§ **Records provided**:
Lemma L147E1_not_calibrated l f : l <> 0 -> l <> 2 -> l <> -2 -> ~ calibrated (L147E1 l) f.
Proof.
  intros Hl0 Hl2 Hl2' Hcal. pose proof (proj1 Hcal) as Hf.
  assert (E1245 : - l * phi_e f 1 4 7 = 0) by structure_eq (calibrated_dphi_at Hcal 1 2 4 5).
  assert (E1246 : - 2 * phi_e f 1 4 7 - l * phi_e f 2 4 7 = 0)
    by structure_eq (calibrated_dphi_at Hcal 1 2 4 6).
  assert (E1237 : - phi_e f 1 5 7 - phi_e f 2 6 7 - phi_e f 3 4 7 = 0)
    by structure_eq (calibrated_dphi_at Hcal 1 2 3 7).
  assert (E1256 : - 2 * phi_e f 1 5 7 + l * phi_e f 1 6 7 - l * phi_e f 2 5 7
                  + phi_e f 4 5 6 = 0)
    by structure_eq (calibrated_dphi_at Hcal 1 2 5 6).
  assert (E1346 : - 2 * phi_e f 1 6 7 - l * phi_e f 3 4 7 = 0)
    by structure_eq (calibrated_dphi_at Hcal 1 3 4 6).
  assert (E2345 : - 2 * phi_e f 2 5 7 + l * phi_e f 3 4 7 = 0)
    by structure_eq (calibrated_dphi_at Hcal 2 3 4 5).
  assert (E2346 : - 2 * phi_e f 2 6 7 + 2 * phi_e f 3 4 7 - phi_e f 4 5 6 = 0)
    by structure_eq (calibrated_dphi_at Hcal 2 3 4 6).
  assert (E1257 : phi_e f 4 5 7 = 0) by structure_eq (calibrated_dphi_at Hcal 1 2 5 7).
  assert (E1267 : phi_e f 4 6 7 = 0) by structure_eq (calibrated_dphi_at Hcal 1 2 6 7).
  assert (H147 : phi_e f 1 4 7 = 0) by (apply (Rmult_eq0_cancel_l l); [lra | nsatz]).
  assert (H247 : phi_e f 2 4 7 = 0) by (apply (Rmult_eq0_cancel_l l); [lra | nsatz]).
  assert (H347 : phi_e f 3 4 7 = 0).
  { apply (Rmult_eq0_cancel_l ((l - 2) * (l + 2))); [|nsatz].
    apply Rmult_integral_contrapositive_currified; lra. }
  apply (e7_ek_contraction_nonzero f 4 Hf); [lia | contraction_components_eq0].
Qed.

Lemma L1357QRS1_not_calibrated l f : l <> 0 -> l <> 1 -> ~ calibrated (L1357QRS1 l) f.
Proof.
  intros Hl0 Hl1 Hcal. pose proof (proj1 Hcal) as Hf.
  assert (E1247 : - phi_e f 1 5 7 + phi_e f 2 6 7 + phi_e f 3 4 7 = 0)
    by structure_eq (calibrated_dphi_at Hcal 1 2 4 7).
  assert (E1256 : - l * phi_e f 1 5 7 - phi_e f 2 6 7 + phi_e f 3 5 6 = 0)
    by structure_eq (calibrated_dphi_at Hcal 1 2 5 6).
  assert (E1345 : (1 - l) * phi_e f 1 5 7 + phi_e f 3 4 7 - phi_e f 3 5 6 = 0)
    by structure_eq (calibrated_dphi_at Hcal 1 3 4 5).
  assert (E2346 : (1 - l) * phi_e f 2 6 7 + l * phi_e f 3 4 7 + phi_e f 3 5 6 = 0)
    by structure_eq (calibrated_dphi_at Hcal 2 3 4 6).
  assert (E1237 : phi_e f 1 6 7 + phi_e f 2 5 7 = 0)
    by structure_eq (calibrated_dphi_at Hcal 1 2 3 7).
  assert (E1346 : (1 - l) * phi_e f 1 6 7 - phi_e f 4 5 6 = 0)
    by structure_eq (calibrated_dphi_at Hcal 1 3 4 6).
  assert (E2345 : (1 - l) * phi_e f 2 5 7 - phi_e f 4 5 6 = 0)
    by structure_eq (calibrated_dphi_at Hcal 2 3 4 5).
  assert (E1257 : phi_e f 3 5 7 = 0) by structure_eq (calibrated_dphi_at Hcal 1 2 5 7).
  assert (E2456 : l * phi_e f 4 5 7 = 0) by structure_eq (calibrated_dphi_at Hcal 2 4 5 6).
  assert (E1367 : phi_e f 5 6 7 = 0) by structure_eq (calibrated_dphi_at Hcal 1 3 6 7).
  assert (H157 : phi_e f 1 5 7 = 0)
    by (apply (Rmult_eq0_cancel_l (l * l - l + 1)); [nra | nsatz]).
  assert (H257 : phi_e f 2 5 7 = 0) by (apply (Rmult_eq0_cancel_l (l - 1)); [lra | nsatz]).
  assert (H457 : phi_e f 4 5 7 = 0) by (apply (Rmult_eq0_cancel_l l); [lra | nsatz]).
  apply (e7_ek_contraction_nonzero f 5 Hf); [lia | contraction_components_eq0].
Qed.

Lemma L12457N2_not_calibrated l f : ~ calibrated (L12457N2 l) f.
Proof.
  intros Hcal. pose proof (proj1 Hcal) as Hf.
  assert (E1257 : phi_e f 1 6 7 + phi_e f 3 5 7 = 0)
    by structure_eq (calibrated_dphi_at Hcal 1 2 5 7).
  assert (E1356 : - phi_e f 1 6 7 + phi_e f 3 5 7 - phi_e f 3 6 7 + phi_e f 4 5 6 = 0)
    by structure_eq (calibrated_dphi_at Hcal 1 3 5 6).
  assert (E2346 : - phi_e f 3 6 7 - phi_e f 4 5 6 = 0)
    by structure_eq (calibrated_dphi_at Hcal 2 3 4 6).
  assert (E1247 : - phi_e f 2 6 7 + phi_e f 3 4 7 = 0)
    by structure_eq (calibrated_dphi_at Hcal 1 2 4 7).
  assert (E1346 : phi_e f 3 4 7 = 0) by structure_eq (calibrated_dphi_at Hcal 1 3 4 6).
  assert (E1267 : phi_e f 3 6 7 = 0) by structure_eq (calibrated_dphi_at Hcal 1 2 6 7).
  assert (E1367 : phi_e f 4 6 7 = 0) by structure_eq (calibrated_dphi_at Hcal 1 3 6 7).
  assert (E1457 : phi_e f 5 6 7 = 0) by structure_eq (calibrated_dphi_at Hcal 1 4 5 7).
  apply (e7_ek_contraction_nonzero f 6 Hf); [lia | contraction_components_eq0].
Qed.

(* Here no single [e_k] works in general: the kernel vector of [iota_{e7} phi] is a combination
   of [e_3], [e_5], [e_6] built from its remaining components. *)
Lemma L1357QRS1_1_not_calibrated f : ~ calibrated (L1357QRS1 1) f.
Proof.
  intros Hcal. pose proof (proj1 Hcal) as Hf.
  assert (E1247 : - phi_e f 1 5 7 + phi_e f 2 6 7 + phi_e f 3 4 7 = 0)
    by structure_eq (calibrated_dphi_at Hcal 1 2 4 7).
  assert (E1256 : - phi_e f 1 5 7 - phi_e f 2 6 7 + phi_e f 3 5 6 = 0)
    by structure_eq (calibrated_dphi_at Hcal 1 2 5 6).
  assert (E1345 : phi_e f 3 4 7 - phi_e f 3 5 6 = 0)
    by structure_eq (calibrated_dphi_at Hcal 1 3 4 5).
  assert (E2346 : phi_e f 3 4 7 + phi_e f 3 5 6 = 0)
    by structure_eq (calibrated_dphi_at Hcal 2 3 4 6).
  assert (E1257 : phi_e f 3 5 7 = 0) by structure_eq (calibrated_dphi_at Hcal 1 2 5 7).
  assert (E1267 : phi_e f 3 6 7 = 0) by structure_eq (calibrated_dphi_at Hcal 1 2 6 7).
  assert (E2456 : phi_e f 4 5 7 = 0) by structure_eq (calibrated_dphi_at Hcal 2 4 5 6).
  assert (E1456 : - phi_e f 4 6 7 = 0) by structure_eq (calibrated_dphi_at Hcal 1 4 5 6).
  assert (E1367 : phi_e f 5 6 7 = 0) by structure_eq (calibrated_dphi_at Hcal 1 3 6 7).
  assert (H157 : phi_e f 1 5 7 = 0) by lra. assert (H267 : phi_e f 2 6 7 = 0) by lra.
  assert (H347 : phi_e f 3 4 7 = 0) by lra. assert (H467 : phi_e f 4 6 7 = 0) by lra.
  destruct (Req_dec (phi_e f 2 5 7) 0) as [H257|H257].
  { apply (e7_ek_contraction_nonzero f 5 Hf); [lia | contraction_components_eq0]. }
  destruct (Req_dec (phi_e f 1 6 7) 0) as [H167|H167].
  { apply (e7_ek_contraction_nonzero f 6 Hf); [lia | contraction_components_eq0]. }
  set (Y := fun j => match j with
                     | 3%nat => phi_e f 1 6 7 * phi_e f 2 5 7
                     | 5%nat => - phi_e f 2 3 7 * phi_e f 1 6 7
                     | 6%nat => - phi_e f 1 3 7 * phi_e f 2 5 7
                     | _ => 0 end).
  assert (HY : Y 3%nat = 0).
  { apply (e7_contraction_kernel f Y Hf); [|lia].
    apply phi_eq0_of_basis. intros j Hj. rewrite phi_linear2. unfold sum7, Y.
    destruct j as [|[|[|[|[|[|[|[|]]]]]]]]; try lia; sort_phi f;
      rewrite ?H157, ?H267, ?H347, ?H467, ?E1257, ?E1267, ?E2456, ?E1367; ring. }
  exact (Rmult_integral_contrapositive_currified _ _ H167 H257 HY).
Qed.

(** * The three calibrated coframes *)

Definition phiw (k : nat -> R) (f : frame) (x y z : vec) : R :=
  k 1%nat * w3 f 1 2 7 x y z + k 2%nat * w3 f 3 4 7 x y z + k 3%nat * w3 f 5 6 7 x y z
  + k 4%nat * w3 f 1 3 5 x y z - k 5%nat * w3 f 2 3 6 x y z - k 6%nat * w3 f 1 4 6 x y z
  - k 7%nat * w3 f 2 4 5 x y z.

Definition dphiw (L : lie7) (k : nat -> R) (f : frame) (x0 x1 x2 x3 : vec) : R :=
  - phiw k f (br L x0 x1) x2 x3 + phiw k f (br L x0 x2) x1 x3 - phiw k f (br L x0 x3) x1 x2
  - phiw k f (br L x1 x2) x0 x3 + phiw k f (br L x1 x3) x0 x2 - phiw k f (br L x2 x3) x0 x1.

Lemma is_coframe_of_basis f :
  (forall a : nat -> R, (forall j, (1 <= j <= 7)%nat -> sum7 (fun i => a i * f i j) = 0) ->
     forall i, (1 <= i <= 7)%nat -> a i = 0) -> is_coframe f.
Proof.
  intros H a Ha. apply H. intros j Hj. rewrite <- (Ha (eb j)). unfold sum7.
  rewrite !ev1_eb by exact Hj. reflexivity.
Qed.

Section Rescaling.

Variables (f g : frame) (c : nat -> R).
Hypothesis Hfg : forall a x, ev1 (f a) x = c a * ev1 (g a) x.

Lemma is_coframe_rescale :
  is_coframe g -> (forall a, (1 <= a <= 7)%nat -> c a <> 0) -> is_coframe f.
Proof.
  intros Hg Hc a Ha i Hi.
  apply (Rmult_eq_reg_r (c i)); [rewrite Rmult_0_l | exact (Hc i Hi)].
  apply (Hg (fun i => a i * c i)); [|exact Hi]. intros x.
  rewrite <- (Ha x). unfold sum7. rewrite !Hfg. ring.
Qed.

Lemma w3_rescale a b d x y z : w3 f a b d x y z = c a * c b * c d * w3 g a b d x y z.
Proof. unfold w3. rewrite !Hfg. ring. Qed.

Lemma phi_rescale (s : R) (k : nat -> R) :
  c 1%nat * c 2%nat * c 7%nat = s * k 1%nat -> c 3%nat * c 4%nat * c 7%nat = s * k 2%nat ->
  c 5%nat * c 6%nat * c 7%nat = s * k 3%nat -> c 1%nat * c 3%nat * c 5%nat = s * k 4%nat ->
  c 2%nat * c 3%nat * c 6%nat = s * k 5%nat -> c 1%nat * c 4%nat * c 6%nat = s * k 6%nat ->
  c 2%nat * c 4%nat * c 5%nat = s * k 7%nat ->
  forall x y z, phi f x y z = s * phiw k g x y z.
Proof.
  intros H1 H2 H3 H4 H5 H6 H7 x y z. unfold phi, phiw. rewrite !w3_rescale.
  rewrite H1, H2, H3, H4, H5, H6, H7. ring.
Qed.

Lemma calibrated_rescale L s k :
  is_coframe g -> (forall a, (1 <= a <= 7)%nat -> c a <> 0) ->
  (forall x y z, phi f x y z = s * phiw k g x y z) ->
  (forall x0 x1 x2 x3, dphiw L k g x0 x1 x2 x3 = 0) -> calibrated L f.
Proof.
  intros Hg Hc Hphi Hd. split; [exact (is_coframe_rescale Hg Hc)|].
  intros x0 x1 x2 x3. unfold dphi. rewrite !Hphi.
  replace 0 with (s * dphiw L k g x0 x1 x2 x3) by (rewrite Hd; ring).
  unfold dphiw. ring.
Qed.

End Rescaling.

Ltac coframe_by_lra :=
  apply is_coframe_of_basis; intros a H;
  pose proof (H 1%nat ltac:(lia)); pose proof (H 2%nat ltac:(lia));
  pose proof (H 3%nat ltac:(lia)); pose proof (H 4%nat ltac:(lia));
  pose proof (H 5%nat ltac:(lia)); pose proof (H 6%nat ltac:(lia));
  pose proof (H 7%nat ltac:(lia)); clear H;
  unfold sum7, co in *; simpl in *;
  intros i Hi; destruct i as [|[|[|[|[|[|[|[|]]]]]]]]; try lia; lra.

Ltac rescale_by_ring :=
  intros a x; destruct a as [|[|[|[|[|[|[|[|a]]]]]]]]; unfold ev1, sum7, co; simpl; ring.

Definition frame_1357N_rational : frame := fun a => match a with
  | 1%nat => co [(2, 1%nat); (-1, 7%nat); (-1, 6%nat); (-1, 5%nat)]
  | 2%nat => co [(1, 4%nat); (1, 3%nat); (-2, 2%nat); (-1, 6%nat); (1, 5%nat)]
  | 3%nat => co [(2, 3%nat); (-1, 6%nat)]
  | 4%nat => co [(2, 5%nat)]
  | 5%nat => co [(-1, 3%nat); (3, 4%nat); (1, 5%nat); (-1, 6%nat)]
  | 6%nat => co [(2, 3%nat); (-1, 5%nat); (-1, 6%nat); (3, 7%nat)]
  | 7%nat => co [(-1, 6%nat)]
  | _ => co [] end.

Lemma calibrated_1357N : calibrated (L1357N 1) frame_1357N.
Proof.
  set (c := fun a : nat => match a with 1%nat | 2%nat | 7%nat => sqrt 3 | _ => 1 end).
  assert (Hs3 : sqrt 3 * sqrt 3 = 3) by (apply sqrt_sqrt; lra).
  assert (Hs3pos : 0 < sqrt 3) by (apply sqrt_lt_R0; lra).
  assert (Hfg : forall a x, ev1 (frame_1357N a) x = c a * ev1 (frame_1357N_rational a) x)
    by rescale_by_ring.
  apply (calibrated_rescale _ _ c Hfg _ (sqrt 3) (fun t => match t with 1%nat => 3 | _ => 1 end)).
  - coframe_by_lra.
  - intros a Ha. destruct a as [|[|[|[|[|[|[|[|a]]]]]]]]; try lia; unfold c; lra.
  - apply (phi_rescale _ _ c Hfg); unfold c; clear -Hs3; nsatz.
  - intros. unfold dphiw, phiw, w3, ev1, sum7, br, ev2, co; simpl. ring.
Qed.

Definition frame_1357S_rational : frame := fun a => match a with
  | 1%nat => co [(2, 1%nat); (1, 2%nat); (-1, 5%nat); (1, 6%nat)]
  | 2%nat => co [(7, 2%nat); (3, 5%nat); (5, 6%nat)]
  | 3%nat => co [(1, 3%nat); (2, 4%nat); (- (3/2), 7%nat)]
  | 4%nat => co [(3, 3%nat); (7/2, 7%nat)]
  | 5%nat => co [(-1, 6%nat)]
  | 6%nat => co [(2, 5%nat); (1, 6%nat)]
  | 7%nat => co [(-2, 3%nat)]
  | _ => co [] end.

Lemma calibrated_1357S : calibrated (L1357S (-3)) frame_1357S.
Proof.
  set (c := fun a : nat => match a with
                           | 1%nat | 3%nat => sqrt 7 | 5%nat => sqrt 70 | 6%nat | 7%nat => sqrt 10
                           | _ => 1 end).
  assert (Hs7 : sqrt 7 * sqrt 7 = 7) by (apply sqrt_sqrt; lra).
  assert (Hs10 : sqrt 10 * sqrt 10 = 10) by (apply sqrt_sqrt; lra).
  assert (Hs70 : sqrt 70 = sqrt 7 * sqrt 10) by (rewrite <- sqrt_mult by lra; f_equal; lra).
  assert (Hs7pos : 0 < sqrt 7) by (apply sqrt_lt_R0; lra).
  assert (Hs10pos : 0 < sqrt 10) by (apply sqrt_lt_R0; lra).
  assert (Hs70pos : 0 < sqrt 70) by (apply sqrt_lt_R0; lra).
  assert (Hfg : forall a x, ev1 (frame_1357S a) x = c a * ev1 (frame_1357S_rational a) x)
    by rescale_by_ring.
  apply (calibrated_rescale _ _ c Hfg _ (sqrt 70)
           (fun t => match t with 3%nat => 10 | 4%nat => 7 | _ => 1 end)).
  - coframe_by_lra.
  - intros a Ha. destruct a as [|[|[|[|[|[|[|[|a]]]]]]]]; try lia; unfold c; lra.
  - apply (phi_rescale _ _ c Hfg); unfold c; clear -Hs7 Hs10 Hs70; nsatz.
  - intros. unfold dphiw, phiw, w3, ev1, sum7, br, ev2, co; simpl. field.
Qed.

Definition frame_147E1_rational : frame := fun a => match a with
  | 1%nat => co [(2, 1%nat); (1, 5%nat); (-1, 2%nat); (1, 6%nat)]
  | 2%nat => co [(3, 2%nat); (-1, 5%nat); (1, 6%nat)]
  | 3%nat => co [(1, 3%nat); (2, 4%nat)]
  | 4%nat => co [(1, 3%nat); (1, 7%nat)]
  | 5%nat => co [(1, 6%nat); (-1, 5%nat)]
  | 6%nat => co [(1, 5%nat); (1, 6%nat)]
  | 7%nat => co [(2, 4%nat); (-2, 3%nat)]
  | _ => co [] end.

Lemma calibrated_147E1 : calibrated (L147E1 2) frame_147E1.
Proof.
  set (c := fun a : nat => match a with
                           | 1%nat | 4%nat => sqrt 3 | 5%nat | 7%nat => sqrt 2 | 6%nat => sqrt 6
                           | _ => 1 end).
  assert (Hs2 : sqrt 2 * sqrt 2 = 2) by (apply sqrt_sqrt; lra).
  assert (Hs3 : sqrt 3 * sqrt 3 = 3) by (apply sqrt_sqrt; lra).
  assert (Hs6 : sqrt 6 = sqrt 2 * sqrt 3) by (rewrite <- sqrt_mult by lra; f_equal; lra).
  assert (Hs2pos : 0 < sqrt 2) by (apply sqrt_lt_R0; lra).
  assert (Hs3pos : 0 < sqrt 3) by (apply sqrt_lt_R0; lra).
  assert (Hs6pos : 0 < sqrt 6) by (apply sqrt_lt_R0; lra).
  assert (Hfg : forall a x, ev1 (frame_147E1 a) x = c a * ev1 (frame_147E1_rational a) x)
    by rescale_by_ring.
  apply (calibrated_rescale _ _ c Hfg _ (sqrt 6)
           (fun t => match t with 3%nat => 2 | 6%nat => 3 | _ => 1 end)).
  - coframe_by_lra.
  - intros a Ha. destruct a as [|[|[|[|[|[|[|[|a]]]]]]]]; try lia; unfold c; lra.
  - apply (phi_rescale _ _ c Hfg); unfold c; clear -Hs2 Hs3 Hs6; nsatz.
  - intros. unfold dphiw, phiw, w3, ev1, sum7, br, ev2, co; simpl. ring.
Qed.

§ **What you should do**:
Your answer should consist solely of the lines above from the line with "Section Rescaling." to the line with "apply (Rmult_eq_reg_r (c", both included, reproduced exactly.

§ **Problem solution**:
Section Rescaling.

Variables (f g : frame) (c : nat -> R).
Hypothesis Hfg : forall a x, ev1 (f a) x = c a * ev1 (g a) x.

Lemma is_coframe_rescale :
  is_coframe g -> (forall a, (1 <= a <= 7)%nat -> c a <> 0) -> is_coframe f.
Proof.
  intros Hg Hc a Ha i Hi.
  apply (Rmult_eq_reg_r (c i)); [rewrite Rmult_0_l | exact (Hc i Hi)].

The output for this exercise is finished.